◆ What the task requires:
Where the material below has a line containing "rewrite [X in _ = _", start repeating exactly, and keep going through the line containing "- exact: jacobi.", with no other lines.

*** Block opens ***

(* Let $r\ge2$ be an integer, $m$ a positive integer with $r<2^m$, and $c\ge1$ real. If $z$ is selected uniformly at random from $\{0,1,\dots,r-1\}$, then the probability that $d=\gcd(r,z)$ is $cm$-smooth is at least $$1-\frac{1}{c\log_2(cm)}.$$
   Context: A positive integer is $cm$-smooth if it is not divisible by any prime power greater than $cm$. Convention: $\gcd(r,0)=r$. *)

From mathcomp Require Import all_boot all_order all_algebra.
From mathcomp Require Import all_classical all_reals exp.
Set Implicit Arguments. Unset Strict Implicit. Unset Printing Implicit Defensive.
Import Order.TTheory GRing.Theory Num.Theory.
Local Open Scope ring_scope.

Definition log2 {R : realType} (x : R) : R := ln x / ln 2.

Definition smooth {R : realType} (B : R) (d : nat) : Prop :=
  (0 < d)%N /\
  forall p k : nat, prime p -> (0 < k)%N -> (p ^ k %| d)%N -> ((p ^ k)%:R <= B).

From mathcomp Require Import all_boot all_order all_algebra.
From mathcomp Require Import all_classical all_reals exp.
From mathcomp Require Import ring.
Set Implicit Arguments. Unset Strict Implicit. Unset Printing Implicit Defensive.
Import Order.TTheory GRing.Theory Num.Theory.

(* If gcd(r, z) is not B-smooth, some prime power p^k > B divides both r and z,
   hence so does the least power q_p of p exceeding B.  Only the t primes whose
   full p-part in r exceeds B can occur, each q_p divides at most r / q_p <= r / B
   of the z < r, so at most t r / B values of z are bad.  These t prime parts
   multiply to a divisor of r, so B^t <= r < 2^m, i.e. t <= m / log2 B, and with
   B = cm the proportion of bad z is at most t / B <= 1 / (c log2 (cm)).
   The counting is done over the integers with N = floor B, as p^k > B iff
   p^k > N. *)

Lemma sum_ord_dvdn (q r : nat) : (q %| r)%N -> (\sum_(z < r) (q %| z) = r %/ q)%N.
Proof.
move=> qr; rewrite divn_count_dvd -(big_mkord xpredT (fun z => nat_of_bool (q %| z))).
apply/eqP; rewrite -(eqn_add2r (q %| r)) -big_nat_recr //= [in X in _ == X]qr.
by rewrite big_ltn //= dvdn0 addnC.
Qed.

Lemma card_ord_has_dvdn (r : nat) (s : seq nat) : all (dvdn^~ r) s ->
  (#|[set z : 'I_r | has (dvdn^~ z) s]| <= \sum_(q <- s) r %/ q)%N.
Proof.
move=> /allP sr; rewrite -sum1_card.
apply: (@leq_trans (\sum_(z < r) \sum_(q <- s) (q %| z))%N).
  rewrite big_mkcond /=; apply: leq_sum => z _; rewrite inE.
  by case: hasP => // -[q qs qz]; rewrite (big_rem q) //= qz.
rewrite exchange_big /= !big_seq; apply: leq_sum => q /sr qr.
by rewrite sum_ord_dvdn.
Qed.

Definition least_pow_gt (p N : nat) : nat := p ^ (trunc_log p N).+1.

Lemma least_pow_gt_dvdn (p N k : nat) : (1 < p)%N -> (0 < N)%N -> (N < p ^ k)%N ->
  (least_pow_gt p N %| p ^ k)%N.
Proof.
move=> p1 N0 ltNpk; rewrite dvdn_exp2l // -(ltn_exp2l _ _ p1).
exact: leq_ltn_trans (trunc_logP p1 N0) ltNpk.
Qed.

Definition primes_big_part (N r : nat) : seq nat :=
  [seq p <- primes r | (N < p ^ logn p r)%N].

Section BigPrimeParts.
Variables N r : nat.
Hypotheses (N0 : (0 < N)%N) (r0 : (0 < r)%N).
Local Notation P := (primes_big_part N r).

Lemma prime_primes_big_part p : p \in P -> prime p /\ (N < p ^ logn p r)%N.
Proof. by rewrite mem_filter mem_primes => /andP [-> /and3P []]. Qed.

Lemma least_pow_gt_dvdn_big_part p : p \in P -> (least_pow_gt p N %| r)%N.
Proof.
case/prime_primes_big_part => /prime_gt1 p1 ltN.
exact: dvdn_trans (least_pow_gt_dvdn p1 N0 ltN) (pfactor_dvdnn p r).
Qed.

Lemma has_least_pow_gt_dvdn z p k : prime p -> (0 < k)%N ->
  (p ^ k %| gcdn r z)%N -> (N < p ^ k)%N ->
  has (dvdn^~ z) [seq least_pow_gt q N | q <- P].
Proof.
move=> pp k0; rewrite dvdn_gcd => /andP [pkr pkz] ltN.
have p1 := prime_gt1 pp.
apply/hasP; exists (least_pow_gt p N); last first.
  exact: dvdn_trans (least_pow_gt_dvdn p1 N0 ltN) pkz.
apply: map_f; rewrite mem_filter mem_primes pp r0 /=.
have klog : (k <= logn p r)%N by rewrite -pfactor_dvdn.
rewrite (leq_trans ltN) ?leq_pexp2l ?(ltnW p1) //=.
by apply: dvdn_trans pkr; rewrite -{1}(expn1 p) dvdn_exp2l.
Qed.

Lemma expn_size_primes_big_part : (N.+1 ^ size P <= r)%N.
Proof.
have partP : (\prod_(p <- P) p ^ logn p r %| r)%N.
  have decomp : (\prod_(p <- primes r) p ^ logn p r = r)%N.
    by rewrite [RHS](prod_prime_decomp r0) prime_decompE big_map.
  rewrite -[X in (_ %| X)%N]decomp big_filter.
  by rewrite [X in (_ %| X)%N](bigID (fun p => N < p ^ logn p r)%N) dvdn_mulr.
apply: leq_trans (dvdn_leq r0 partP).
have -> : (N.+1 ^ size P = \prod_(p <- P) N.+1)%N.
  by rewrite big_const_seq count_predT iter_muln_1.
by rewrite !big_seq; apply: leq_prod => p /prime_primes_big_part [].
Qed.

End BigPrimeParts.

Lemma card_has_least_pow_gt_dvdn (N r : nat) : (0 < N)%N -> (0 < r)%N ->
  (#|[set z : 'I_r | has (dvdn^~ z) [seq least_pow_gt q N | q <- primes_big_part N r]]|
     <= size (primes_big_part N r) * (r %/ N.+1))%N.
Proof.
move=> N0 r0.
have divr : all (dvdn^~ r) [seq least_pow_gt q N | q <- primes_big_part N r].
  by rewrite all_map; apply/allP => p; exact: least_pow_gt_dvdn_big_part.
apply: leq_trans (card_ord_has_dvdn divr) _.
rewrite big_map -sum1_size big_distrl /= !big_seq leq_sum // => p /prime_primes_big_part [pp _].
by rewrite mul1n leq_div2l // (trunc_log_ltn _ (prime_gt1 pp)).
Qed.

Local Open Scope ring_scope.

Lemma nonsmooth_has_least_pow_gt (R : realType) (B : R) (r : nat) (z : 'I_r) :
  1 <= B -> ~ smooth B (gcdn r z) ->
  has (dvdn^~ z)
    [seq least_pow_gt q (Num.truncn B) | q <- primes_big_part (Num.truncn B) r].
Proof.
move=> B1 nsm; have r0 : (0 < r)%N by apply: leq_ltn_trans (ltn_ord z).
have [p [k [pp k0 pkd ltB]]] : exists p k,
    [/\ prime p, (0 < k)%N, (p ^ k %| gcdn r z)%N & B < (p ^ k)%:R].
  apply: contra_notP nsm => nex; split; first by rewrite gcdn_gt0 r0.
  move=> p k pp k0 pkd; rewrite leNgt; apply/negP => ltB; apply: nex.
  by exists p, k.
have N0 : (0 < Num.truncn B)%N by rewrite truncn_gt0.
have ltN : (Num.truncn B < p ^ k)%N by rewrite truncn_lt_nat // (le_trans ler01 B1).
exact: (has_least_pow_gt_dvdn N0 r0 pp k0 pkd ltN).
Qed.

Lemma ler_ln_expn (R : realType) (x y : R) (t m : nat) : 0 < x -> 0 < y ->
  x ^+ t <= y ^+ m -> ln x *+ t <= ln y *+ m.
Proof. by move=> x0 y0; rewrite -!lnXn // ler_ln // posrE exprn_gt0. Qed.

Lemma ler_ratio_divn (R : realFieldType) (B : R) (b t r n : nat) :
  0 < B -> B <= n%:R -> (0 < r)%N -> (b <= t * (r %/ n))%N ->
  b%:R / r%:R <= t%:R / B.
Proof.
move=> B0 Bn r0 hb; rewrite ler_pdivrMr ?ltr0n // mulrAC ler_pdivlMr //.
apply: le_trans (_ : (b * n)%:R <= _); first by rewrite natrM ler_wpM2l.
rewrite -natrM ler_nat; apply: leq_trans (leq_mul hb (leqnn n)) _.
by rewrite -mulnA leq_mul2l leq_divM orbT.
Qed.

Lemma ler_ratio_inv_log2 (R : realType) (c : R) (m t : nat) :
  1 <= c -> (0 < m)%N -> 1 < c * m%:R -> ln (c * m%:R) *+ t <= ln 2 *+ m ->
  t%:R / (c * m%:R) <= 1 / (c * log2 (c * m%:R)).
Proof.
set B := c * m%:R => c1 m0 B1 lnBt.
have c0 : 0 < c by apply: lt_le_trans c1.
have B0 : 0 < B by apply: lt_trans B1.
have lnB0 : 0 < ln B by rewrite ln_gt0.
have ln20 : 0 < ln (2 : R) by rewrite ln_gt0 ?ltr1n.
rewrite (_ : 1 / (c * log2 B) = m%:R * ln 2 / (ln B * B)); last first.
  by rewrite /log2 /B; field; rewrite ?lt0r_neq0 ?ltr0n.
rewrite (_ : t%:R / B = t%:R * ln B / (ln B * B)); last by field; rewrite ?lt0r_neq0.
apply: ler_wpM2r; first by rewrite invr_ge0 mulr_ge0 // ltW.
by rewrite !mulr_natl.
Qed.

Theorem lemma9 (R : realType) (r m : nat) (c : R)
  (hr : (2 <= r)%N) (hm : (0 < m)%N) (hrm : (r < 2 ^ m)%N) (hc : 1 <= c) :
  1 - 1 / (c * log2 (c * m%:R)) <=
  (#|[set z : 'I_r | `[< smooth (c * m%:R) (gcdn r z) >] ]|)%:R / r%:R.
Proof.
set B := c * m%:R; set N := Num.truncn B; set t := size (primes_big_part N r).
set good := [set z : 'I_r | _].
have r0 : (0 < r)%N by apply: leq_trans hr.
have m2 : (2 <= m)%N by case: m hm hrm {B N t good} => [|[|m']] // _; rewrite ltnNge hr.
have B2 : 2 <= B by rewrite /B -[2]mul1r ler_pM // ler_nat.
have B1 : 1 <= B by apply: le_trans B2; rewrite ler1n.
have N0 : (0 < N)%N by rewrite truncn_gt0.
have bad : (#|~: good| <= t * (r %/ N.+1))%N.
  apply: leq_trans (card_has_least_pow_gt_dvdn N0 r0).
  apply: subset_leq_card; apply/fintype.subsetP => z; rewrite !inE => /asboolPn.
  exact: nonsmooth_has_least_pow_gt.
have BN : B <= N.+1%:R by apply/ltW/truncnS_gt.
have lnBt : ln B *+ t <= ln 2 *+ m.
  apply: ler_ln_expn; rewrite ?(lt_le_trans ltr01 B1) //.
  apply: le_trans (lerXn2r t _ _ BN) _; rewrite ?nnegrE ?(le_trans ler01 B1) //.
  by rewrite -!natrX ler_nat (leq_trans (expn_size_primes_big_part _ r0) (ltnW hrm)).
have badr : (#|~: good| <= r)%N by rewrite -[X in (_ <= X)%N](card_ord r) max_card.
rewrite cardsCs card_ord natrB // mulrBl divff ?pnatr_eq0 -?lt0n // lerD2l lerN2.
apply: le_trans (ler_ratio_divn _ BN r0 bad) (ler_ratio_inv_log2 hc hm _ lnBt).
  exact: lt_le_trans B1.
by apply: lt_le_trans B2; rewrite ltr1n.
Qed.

*** Block closes ***
*** Block opens ***

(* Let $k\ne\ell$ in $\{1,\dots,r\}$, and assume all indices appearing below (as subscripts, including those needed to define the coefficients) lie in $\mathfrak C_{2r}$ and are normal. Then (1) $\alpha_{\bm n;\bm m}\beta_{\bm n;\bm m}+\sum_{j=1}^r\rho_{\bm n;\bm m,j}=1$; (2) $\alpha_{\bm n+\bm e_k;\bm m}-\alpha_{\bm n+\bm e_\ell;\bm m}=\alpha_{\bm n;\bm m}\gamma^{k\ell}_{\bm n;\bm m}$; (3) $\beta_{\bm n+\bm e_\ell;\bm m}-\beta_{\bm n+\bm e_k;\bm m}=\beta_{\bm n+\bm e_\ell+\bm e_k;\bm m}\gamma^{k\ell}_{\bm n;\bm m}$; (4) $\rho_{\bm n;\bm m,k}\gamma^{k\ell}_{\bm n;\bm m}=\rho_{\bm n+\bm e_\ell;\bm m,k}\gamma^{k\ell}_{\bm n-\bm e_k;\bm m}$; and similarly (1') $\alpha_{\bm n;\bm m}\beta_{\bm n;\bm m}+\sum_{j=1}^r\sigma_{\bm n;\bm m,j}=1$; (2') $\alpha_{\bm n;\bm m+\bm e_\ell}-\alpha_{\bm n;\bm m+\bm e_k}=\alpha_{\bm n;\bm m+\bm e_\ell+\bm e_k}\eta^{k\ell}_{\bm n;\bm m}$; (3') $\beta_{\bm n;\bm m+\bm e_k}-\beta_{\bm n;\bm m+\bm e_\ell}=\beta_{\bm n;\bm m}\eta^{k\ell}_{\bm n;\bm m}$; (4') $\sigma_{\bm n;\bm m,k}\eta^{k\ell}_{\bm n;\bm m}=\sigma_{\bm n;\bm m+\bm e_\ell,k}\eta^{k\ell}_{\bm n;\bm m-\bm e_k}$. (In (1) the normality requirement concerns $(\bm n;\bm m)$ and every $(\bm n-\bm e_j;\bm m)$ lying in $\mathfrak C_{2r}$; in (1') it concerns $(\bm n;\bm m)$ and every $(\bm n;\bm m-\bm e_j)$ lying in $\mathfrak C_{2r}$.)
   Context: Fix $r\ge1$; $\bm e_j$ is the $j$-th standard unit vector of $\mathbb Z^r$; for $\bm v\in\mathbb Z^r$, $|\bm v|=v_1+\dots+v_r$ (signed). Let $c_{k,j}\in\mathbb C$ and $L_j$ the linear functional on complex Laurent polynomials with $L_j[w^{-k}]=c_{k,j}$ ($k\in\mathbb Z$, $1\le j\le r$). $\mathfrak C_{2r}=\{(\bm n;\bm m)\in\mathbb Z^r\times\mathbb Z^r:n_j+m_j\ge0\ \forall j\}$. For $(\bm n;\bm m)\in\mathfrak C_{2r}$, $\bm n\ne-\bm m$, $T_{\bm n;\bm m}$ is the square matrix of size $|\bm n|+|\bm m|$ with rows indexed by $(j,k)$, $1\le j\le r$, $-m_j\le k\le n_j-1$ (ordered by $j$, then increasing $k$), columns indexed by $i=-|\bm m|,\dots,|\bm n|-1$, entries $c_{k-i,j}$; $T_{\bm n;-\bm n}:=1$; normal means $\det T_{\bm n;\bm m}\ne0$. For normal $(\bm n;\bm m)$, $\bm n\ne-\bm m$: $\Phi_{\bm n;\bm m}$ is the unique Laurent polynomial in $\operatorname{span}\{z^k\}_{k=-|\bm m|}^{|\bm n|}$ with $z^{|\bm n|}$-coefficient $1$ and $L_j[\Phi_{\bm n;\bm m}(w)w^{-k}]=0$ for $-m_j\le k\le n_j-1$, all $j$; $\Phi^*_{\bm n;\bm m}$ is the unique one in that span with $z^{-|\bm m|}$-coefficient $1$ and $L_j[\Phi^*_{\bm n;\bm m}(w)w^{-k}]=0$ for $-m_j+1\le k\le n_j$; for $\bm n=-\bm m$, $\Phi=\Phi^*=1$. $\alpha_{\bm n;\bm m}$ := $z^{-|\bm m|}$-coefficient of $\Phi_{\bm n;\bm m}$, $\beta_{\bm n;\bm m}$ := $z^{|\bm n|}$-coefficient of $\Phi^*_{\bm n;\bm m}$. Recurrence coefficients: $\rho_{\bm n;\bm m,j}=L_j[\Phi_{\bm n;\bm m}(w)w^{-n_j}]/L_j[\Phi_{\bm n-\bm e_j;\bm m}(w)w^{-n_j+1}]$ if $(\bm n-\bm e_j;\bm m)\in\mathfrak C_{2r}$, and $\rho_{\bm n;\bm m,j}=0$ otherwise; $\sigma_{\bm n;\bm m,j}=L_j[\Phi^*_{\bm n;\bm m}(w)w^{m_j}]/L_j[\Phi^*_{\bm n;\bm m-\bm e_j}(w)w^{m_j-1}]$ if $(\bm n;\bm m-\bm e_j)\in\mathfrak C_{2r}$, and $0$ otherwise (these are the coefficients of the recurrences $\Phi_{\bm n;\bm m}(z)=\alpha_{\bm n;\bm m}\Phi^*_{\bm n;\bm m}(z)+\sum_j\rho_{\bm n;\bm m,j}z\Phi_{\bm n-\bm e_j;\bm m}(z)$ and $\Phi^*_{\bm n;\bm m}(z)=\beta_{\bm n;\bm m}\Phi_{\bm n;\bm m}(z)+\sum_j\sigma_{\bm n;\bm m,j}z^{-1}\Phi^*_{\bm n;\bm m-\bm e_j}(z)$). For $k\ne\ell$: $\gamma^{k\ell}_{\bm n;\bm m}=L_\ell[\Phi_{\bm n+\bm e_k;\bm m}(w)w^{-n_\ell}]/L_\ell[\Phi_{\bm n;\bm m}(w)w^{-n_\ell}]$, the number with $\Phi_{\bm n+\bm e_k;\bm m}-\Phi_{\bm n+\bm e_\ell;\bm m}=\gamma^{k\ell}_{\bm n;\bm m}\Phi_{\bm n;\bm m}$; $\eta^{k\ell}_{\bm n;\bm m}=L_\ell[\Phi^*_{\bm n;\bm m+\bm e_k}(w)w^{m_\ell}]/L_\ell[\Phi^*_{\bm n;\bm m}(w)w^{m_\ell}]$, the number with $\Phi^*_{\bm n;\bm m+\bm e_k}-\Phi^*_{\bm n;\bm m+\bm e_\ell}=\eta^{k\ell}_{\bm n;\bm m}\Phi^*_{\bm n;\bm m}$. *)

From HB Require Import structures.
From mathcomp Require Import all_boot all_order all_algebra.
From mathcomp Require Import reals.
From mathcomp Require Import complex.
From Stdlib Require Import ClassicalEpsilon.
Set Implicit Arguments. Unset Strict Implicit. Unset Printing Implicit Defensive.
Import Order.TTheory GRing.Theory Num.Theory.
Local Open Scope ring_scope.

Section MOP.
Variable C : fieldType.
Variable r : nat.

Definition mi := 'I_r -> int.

*** Block closes ***
*** Block opens ***

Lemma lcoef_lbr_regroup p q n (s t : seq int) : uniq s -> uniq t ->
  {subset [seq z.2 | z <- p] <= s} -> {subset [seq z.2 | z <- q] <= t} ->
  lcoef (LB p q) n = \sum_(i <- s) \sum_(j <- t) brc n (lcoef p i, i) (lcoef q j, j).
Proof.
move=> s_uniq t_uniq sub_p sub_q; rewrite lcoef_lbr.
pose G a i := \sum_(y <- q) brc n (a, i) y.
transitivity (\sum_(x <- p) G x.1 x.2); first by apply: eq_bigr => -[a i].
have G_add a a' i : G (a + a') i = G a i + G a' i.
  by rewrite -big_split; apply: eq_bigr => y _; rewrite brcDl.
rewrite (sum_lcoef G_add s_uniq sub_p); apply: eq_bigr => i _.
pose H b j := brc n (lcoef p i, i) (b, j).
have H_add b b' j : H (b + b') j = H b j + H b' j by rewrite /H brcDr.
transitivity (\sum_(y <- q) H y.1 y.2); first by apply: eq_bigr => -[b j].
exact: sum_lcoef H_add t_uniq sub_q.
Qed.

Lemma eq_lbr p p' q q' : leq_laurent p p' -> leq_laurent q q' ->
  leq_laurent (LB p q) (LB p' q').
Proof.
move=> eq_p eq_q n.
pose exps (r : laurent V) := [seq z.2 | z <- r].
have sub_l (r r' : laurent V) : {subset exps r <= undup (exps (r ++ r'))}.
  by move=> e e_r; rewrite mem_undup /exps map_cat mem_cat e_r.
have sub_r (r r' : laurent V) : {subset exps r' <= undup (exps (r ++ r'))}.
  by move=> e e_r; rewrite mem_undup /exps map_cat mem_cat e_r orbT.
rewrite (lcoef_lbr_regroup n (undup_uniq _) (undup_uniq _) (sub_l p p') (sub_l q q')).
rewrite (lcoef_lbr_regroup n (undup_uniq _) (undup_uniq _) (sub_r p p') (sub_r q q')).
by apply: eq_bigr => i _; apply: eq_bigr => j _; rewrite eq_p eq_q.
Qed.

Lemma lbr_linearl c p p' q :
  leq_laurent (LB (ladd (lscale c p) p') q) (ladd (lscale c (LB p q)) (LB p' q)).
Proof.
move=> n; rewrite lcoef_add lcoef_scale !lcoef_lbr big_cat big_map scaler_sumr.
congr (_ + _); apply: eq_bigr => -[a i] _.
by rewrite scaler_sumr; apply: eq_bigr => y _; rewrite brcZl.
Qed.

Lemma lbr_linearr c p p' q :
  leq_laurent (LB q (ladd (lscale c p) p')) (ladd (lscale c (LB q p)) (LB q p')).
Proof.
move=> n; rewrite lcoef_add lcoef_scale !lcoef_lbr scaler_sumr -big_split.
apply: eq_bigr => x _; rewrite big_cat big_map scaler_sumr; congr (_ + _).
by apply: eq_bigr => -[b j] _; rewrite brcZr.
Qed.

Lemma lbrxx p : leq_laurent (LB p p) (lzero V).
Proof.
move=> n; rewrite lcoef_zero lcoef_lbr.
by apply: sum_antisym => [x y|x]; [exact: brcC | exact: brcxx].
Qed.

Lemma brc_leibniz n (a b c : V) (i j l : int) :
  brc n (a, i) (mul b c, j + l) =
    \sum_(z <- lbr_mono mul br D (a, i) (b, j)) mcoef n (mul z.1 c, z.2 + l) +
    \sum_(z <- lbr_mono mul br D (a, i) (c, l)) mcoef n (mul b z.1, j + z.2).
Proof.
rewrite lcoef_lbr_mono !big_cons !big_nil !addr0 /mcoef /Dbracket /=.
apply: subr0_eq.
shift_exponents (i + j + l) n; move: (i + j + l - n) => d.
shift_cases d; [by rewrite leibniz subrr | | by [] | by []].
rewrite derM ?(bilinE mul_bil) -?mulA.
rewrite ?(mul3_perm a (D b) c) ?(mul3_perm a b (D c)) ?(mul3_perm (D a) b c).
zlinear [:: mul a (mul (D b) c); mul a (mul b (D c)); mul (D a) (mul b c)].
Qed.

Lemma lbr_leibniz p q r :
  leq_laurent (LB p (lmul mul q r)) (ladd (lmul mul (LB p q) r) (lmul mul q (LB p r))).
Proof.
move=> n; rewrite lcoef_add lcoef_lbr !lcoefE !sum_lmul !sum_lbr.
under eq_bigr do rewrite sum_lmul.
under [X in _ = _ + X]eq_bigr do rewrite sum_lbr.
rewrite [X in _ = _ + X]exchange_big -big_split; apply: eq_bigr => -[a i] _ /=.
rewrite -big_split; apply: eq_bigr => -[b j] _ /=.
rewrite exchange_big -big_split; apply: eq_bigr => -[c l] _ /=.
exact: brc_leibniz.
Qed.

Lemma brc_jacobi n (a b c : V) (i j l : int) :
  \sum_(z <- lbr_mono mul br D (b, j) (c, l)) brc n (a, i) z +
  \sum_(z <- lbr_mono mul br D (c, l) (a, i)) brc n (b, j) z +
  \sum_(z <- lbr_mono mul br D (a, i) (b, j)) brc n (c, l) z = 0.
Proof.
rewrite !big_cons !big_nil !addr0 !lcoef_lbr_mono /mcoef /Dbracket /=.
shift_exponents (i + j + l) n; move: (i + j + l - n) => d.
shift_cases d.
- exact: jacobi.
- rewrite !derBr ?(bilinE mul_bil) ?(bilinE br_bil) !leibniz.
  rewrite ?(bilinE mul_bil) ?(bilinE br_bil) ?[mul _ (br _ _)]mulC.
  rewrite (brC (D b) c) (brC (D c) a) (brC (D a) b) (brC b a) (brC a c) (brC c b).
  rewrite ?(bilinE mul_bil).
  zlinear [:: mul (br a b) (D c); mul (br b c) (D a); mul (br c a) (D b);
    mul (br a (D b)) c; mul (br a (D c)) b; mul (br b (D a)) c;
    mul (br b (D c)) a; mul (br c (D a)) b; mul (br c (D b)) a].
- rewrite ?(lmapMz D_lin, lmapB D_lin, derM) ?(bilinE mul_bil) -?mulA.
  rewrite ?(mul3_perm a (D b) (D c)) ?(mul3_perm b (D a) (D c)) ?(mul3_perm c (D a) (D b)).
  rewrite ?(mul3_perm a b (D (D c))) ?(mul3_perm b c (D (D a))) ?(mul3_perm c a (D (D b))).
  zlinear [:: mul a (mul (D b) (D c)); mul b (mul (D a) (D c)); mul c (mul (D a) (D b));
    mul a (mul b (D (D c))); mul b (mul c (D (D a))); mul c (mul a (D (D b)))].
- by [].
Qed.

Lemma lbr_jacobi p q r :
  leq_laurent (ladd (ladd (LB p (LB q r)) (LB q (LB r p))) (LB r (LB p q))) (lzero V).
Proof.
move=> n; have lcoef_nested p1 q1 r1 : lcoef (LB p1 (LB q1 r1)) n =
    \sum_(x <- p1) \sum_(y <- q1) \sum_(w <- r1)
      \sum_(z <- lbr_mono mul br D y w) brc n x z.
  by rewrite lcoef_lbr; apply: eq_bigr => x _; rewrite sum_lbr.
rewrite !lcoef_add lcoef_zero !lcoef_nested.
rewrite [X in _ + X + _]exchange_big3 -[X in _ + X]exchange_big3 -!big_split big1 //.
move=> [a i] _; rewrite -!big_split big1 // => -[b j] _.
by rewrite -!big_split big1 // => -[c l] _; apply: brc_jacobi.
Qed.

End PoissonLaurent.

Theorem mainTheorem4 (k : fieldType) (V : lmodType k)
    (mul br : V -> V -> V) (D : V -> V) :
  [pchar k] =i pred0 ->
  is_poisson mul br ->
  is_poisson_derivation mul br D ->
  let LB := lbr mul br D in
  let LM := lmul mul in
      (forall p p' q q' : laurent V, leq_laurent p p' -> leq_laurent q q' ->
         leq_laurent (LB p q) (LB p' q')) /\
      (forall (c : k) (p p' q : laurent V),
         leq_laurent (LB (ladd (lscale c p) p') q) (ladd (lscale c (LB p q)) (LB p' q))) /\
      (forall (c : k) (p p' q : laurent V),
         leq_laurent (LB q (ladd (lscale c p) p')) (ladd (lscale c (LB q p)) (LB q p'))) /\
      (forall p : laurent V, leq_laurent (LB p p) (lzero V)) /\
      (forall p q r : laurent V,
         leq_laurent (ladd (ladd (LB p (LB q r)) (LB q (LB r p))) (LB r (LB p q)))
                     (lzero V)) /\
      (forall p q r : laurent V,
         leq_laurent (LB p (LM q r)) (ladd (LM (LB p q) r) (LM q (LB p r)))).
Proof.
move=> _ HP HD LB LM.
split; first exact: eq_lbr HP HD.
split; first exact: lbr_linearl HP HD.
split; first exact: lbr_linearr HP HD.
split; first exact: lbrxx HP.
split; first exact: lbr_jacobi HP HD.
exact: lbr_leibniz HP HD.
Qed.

*** Block closes ***

◆ Response to the exercise:
rewrite [X in _ = _ + X]exchange_big -big_split; apply: eq_bigr => -[a i] _ /=.
rewrite -big_split; apply: eq_bigr => -[b j] _ /=.
rewrite exchange_big -big_split; apply: eq_bigr => -[c l] _ /=.
exact: brc_leibniz.
Qed.

Lemma brc_jacobi n (a b c : V) (i j l : int) :
  \sum_(z <- lbr_mono mul br D (b, j) (c, l)) brc n (a, i) z +
  \sum_(z <- lbr_mono mul br D (c, l) (a, i)) brc n (b, j) z +
  \sum_(z <- lbr_mono mul br D (a, i) (b, j)) brc n (c, l) z = 0.
Proof.
rewrite !big_cons !big_nil !addr0 !lcoef_lbr_mono /mcoef /Dbracket /=.
shift_exponents (i + j + l) n; move: (i + j + l - n) => d.
shift_cases d.
- exact: jacobi.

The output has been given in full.